# What the task requires
From the records that follow, copy every line in which "Lemma" appears.

-- The data follows --

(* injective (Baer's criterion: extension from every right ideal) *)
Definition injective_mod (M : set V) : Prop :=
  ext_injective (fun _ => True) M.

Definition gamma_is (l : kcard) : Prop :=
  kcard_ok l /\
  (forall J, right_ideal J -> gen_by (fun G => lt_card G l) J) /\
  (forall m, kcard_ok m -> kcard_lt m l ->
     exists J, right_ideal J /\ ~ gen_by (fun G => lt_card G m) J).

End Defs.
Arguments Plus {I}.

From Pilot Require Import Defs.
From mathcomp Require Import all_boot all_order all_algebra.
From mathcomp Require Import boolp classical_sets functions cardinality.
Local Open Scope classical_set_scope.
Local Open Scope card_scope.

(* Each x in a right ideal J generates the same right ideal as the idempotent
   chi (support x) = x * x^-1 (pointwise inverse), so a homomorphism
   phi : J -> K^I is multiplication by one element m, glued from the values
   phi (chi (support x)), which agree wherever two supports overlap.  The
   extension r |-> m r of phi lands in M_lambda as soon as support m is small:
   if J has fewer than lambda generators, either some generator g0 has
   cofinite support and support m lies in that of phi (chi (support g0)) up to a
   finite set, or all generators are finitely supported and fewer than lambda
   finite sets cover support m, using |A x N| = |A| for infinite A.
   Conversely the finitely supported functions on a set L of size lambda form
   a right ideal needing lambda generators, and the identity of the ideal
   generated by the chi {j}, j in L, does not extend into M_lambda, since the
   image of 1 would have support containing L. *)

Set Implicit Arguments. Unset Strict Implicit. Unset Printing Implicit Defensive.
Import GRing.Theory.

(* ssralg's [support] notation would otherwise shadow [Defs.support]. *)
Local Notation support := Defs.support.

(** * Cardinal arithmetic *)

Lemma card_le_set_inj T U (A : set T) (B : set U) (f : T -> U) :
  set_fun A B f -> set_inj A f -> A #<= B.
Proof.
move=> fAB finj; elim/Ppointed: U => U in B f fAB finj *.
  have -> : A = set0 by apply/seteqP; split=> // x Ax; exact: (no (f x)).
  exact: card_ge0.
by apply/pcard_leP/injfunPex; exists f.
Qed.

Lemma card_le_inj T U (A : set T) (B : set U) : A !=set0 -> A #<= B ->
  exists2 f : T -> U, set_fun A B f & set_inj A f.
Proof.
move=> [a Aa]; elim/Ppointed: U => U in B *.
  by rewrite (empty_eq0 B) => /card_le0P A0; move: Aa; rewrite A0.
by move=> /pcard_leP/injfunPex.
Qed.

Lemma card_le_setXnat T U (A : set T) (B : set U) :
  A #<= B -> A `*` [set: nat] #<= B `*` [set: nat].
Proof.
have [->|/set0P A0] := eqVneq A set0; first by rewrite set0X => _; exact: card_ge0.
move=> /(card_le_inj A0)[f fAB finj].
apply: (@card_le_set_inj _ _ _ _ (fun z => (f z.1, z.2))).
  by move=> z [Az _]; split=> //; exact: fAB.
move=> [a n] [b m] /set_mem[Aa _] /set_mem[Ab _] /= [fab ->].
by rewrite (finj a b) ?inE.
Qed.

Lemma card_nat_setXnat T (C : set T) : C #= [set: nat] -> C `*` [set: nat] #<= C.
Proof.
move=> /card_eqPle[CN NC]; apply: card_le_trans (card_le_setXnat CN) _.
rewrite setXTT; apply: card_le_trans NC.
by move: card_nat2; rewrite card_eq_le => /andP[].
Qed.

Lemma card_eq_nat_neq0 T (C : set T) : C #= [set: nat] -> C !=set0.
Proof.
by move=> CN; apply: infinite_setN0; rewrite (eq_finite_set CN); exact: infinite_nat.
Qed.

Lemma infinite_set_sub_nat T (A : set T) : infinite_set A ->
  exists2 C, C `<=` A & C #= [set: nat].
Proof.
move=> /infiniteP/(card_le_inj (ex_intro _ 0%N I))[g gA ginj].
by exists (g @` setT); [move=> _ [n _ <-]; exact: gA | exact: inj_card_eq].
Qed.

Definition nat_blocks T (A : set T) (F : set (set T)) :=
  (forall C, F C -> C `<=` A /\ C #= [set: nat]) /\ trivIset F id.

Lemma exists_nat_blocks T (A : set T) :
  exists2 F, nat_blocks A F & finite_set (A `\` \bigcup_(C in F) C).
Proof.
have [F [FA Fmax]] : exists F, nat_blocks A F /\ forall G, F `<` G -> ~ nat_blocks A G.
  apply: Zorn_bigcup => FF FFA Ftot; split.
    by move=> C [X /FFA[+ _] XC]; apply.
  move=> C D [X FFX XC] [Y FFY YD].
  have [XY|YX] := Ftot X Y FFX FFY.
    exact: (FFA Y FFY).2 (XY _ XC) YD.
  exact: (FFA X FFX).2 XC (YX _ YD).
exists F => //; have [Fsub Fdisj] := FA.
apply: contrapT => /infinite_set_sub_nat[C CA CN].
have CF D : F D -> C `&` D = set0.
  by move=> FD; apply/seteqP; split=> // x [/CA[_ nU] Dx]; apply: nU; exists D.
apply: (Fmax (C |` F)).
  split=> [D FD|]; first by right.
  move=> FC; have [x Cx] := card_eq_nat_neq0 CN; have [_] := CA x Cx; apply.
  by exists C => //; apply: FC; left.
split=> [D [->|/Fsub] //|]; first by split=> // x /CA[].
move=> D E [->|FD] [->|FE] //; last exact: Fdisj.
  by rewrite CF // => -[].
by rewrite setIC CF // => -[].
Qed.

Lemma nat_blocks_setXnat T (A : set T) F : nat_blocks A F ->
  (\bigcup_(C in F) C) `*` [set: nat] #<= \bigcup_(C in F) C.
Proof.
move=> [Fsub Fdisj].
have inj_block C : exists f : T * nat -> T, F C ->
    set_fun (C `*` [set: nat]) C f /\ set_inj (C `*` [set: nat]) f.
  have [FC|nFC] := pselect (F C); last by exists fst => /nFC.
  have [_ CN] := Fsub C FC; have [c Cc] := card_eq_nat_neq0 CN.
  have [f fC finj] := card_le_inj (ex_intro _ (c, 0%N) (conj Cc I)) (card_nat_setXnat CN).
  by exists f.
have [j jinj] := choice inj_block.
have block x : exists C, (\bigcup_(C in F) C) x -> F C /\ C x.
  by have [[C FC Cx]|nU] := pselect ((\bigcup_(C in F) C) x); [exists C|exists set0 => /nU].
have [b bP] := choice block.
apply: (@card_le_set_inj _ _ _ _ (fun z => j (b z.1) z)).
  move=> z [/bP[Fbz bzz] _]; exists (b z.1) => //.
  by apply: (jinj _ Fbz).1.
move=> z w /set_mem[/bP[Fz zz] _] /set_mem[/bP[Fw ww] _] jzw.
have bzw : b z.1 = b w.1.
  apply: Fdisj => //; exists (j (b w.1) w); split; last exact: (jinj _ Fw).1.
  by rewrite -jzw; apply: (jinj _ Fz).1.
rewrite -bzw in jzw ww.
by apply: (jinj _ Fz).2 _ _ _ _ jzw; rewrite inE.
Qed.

-- The data concluded --

# Task result
Lemma card_le_set_inj T U (A : set T) (B : set U) (f : T -> U) :
Lemma card_le_inj T U (A : set T) (B : set U) : A !=set0 -> A #<= B ->
Lemma card_le_setXnat T U (A : set T) (B : set U) :
Lemma card_nat_setXnat T (C : set T) : C #= [set: nat] -> C `*` [set: nat] #<= C.
Lemma card_eq_nat_neq0 T (C : set T) : C #= [set: nat] -> C !=set0.
Lemma infinite_set_sub_nat T (A : set T) : infinite_set A ->
Lemma exists_nat_blocks T (A : set T) :
Lemma nat_blocks_setXnat T (A : set T) F : nat_blocks A F ->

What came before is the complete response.